Аня и Искра переглянулись.
– Но где их взять, бабушка? – спросила Аня. – Почти все наши старые свитки, все записи… они остались там, в стойбище. Мы бежали, спасая жизни, а не бумаги.
Старая шаманка медленно кивнула.
– Да, многое утеряно, смыто временем, сожжено врагами. Но была одна… одна Книга. Или, скорее, сверток. «Шепот Предков» называли его. Туда шаманы многих поколений записывали свои самые сильные видения, самые действенные ритуалы, знания о камнях небесных и духах подземных. Мой дед, великий шаман Найнач, говорил, что в этом свертке – ключ к силе нашего народа. Он прятал его особо, в самом старом, родовом чуме, в месте, известном только ему и тем, кому он доверял. Я была мала, но помню, как он иногда доставал его, и воздух вокруг наполнялся запахом древней кожи и тайны.

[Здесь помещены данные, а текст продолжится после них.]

(* Let $(G,N,\vartheta)$ and $(H,M,\varphi)$ be character triples of finite groups with $(G,N,\vartheta)\geq_c(H,M,\varphi)$, and let $C\leq\mathbf{C}_G(N)$. Let $\nu\in\mathrm{Irr}(C\cap N)$ be the unique irreducible constituent of $\vartheta_{C\cap N}$, which is also the unique irreducible constituent of $\varphi_{C\cap N}$. Then $$\left(\mathbf{N}_G(C)_{\vartheta\cdot\psi},N\cdot C,\vartheta\cdot\psi\right)\geq_c\left(\mathbf{N}_H(C)_{\varphi\cdot\psi},M\cdot C,\varphi\cdot\psi\right)$$ for every $\psi\in\mathrm{Irr}(C\mid\nu)$.
   Context: Central products: since $C$ centralizes $N$ (and hence $M$), $NC$ and $MC$ are central products, written $N\cdot C$ and $M\cdot C$. For $\vartheta\in\mathrm{Irr}(N)$ and $\psi\in\mathrm{Irr}(C)$ lying over the same character $\nu$ of $N\cap C$, $\vartheta\cdot\psi$ denotes the unique irreducible character of $N\cdot C$ with $(\vartheta\cdot\psi)(nc)=\vartheta(n)\psi(c)$ for $n\in N$, $c\in C$ (similarly $\varphi\cdot\psi$ on $M\cdot C$). Subscripts denote stabilizers; $\mathrm{Irr}(C\mid\nu)$ is the set of irreducible characters of $C$ lying over $\nu$. Character triples and $\geq_c$: a character triple $(G,N,\vartheta)$ consists of $N\trianglelefteq G$ and a $G$-invariant $\vartheta\in\mathrm{Irr}(N)$. A projective representation of $G$ associated with $\vartheta$ is a map $\mathcal{P}:G\to\mathrm{GL}_{\vartheta(1)}(\mathbb{C})$ with $\mathcal{P}(x)\mathcal{P}(y)=\alpha(x,y)\mathcal{P}(xy)$ for a factor set $\alpha$, such that $\mathcal{P}|_N$ is a representation affording $\vartheta$ and $\mathcal{P}(xn)=\mathcal{P}(x)\mathcal{P}(n)$, $\mathcal{P}(nx)=\mathcal{P}(n)\mathcal{P}(x)$ for $x\in G,n\in N$. One writes $(G,N,\vartheta)\geq_c(H,M,\varphi)$ for character triples if $G=NH$, $M=N\cap H$, $\mathbf{C}_G(N)\leq H$, and there are projective representations $\mathcal{P}$ of $G$ associated with $\vartheta$ and $\mathcal{P}'$ of $H$ associated with $\varphi$, with factor sets $\alpha,\alpha'$, such that $\alpha|_{H\times H}=\alpha'$ and for every $c\in\mathbf{C}_G(N)$ the matrices $\mathcal{P}(c)$, $\mathcal{P}'(c)$ are scalar with the same scalar. *)

From mathcomp Require Import all_boot all_order all_algebra all_fingroup all_solvable all_field all_character.
Set Implicit Arguments. Unset Strict Implicit. Unset Printing Implicit Defensive.
Import GRing.Theory Num.Theory.
Local Open Scope group_scope.
Local Open Scope ring_scope.

Section Defs.
Variable gT : finGroupType.

Definition char_triple (G N : {group gT}) (theta : 'CF(N)) : Prop :=
  [/\ N <| G, theta \in irr N & G \subset 'I[theta]].

Definition proj_repr_assoc (G N : {group gT}) (theta : 'CF(N)) (n : nat)
    (P : gT -> 'M[algC]_n) (alpha : gT -> gT -> algC) : Prop :=
  [/\ forall x, x \in G -> P x \in unitmx,
      forall x y, x \in G -> y \in G ->
        alpha x y != 0 /\ P x *m P y = alpha x y *: P (x * y)%g,
      mx_repr N P,
      forall m, m \in N -> \tr (P m) = theta m &
      forall x m, x \in G -> m \in N ->
        P (x * m)%g = P x *m P m /\ P (m * x)%g = P m *m P x].

Definition triple_geq_c (G N : {group gT}) (theta : 'CF(N))
    (H M : {group gT}) (phi : 'CF(M)) : Prop :=
  [/\ @char_triple G N theta, @char_triple H M phi,
      (N * H)%g = G :> {set gT}, M :=: N :&: H /\ 'C_G(N) \subset H &
      exists (n m : nat) (P : gT -> 'M[algC]_n) (P' : gT -> 'M[algC]_m)
             (alpha alpha' : gT -> gT -> algC),
        [/\ @proj_repr_assoc G N theta n P alpha,
            @proj_repr_assoc H M phi m P' alpha',
            (forall x y, x \in H -> y \in H -> alpha x y = alpha' x y) &
            forall c, c \in 'C_G(N) ->
              exists z : algC, P c = z%:M /\ P' c = z%:M]].

End Defs.

Arguments char_triple {gT} G N theta.
Arguments proj_repr_assoc {gT} G N theta n P alpha.
Arguments triple_geq_c {gT} G N theta H M phi.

Глаза бабушки затуманились воспоминаниями.
– Если этот сверток уцелел… если его не нашли тени с неба… он может дать нам ответ. Или хотя бы намек. Но стойбище… оно далеко, и там теперь опасно.
Отчаяние, смешанное с новой, хрупкой надеждой, охватило Аню. «Шепот Предков» … Если существует хоть малейший шанс найти там спасение для Бородача, для Вихря, для всех них… она должна была рискнуть.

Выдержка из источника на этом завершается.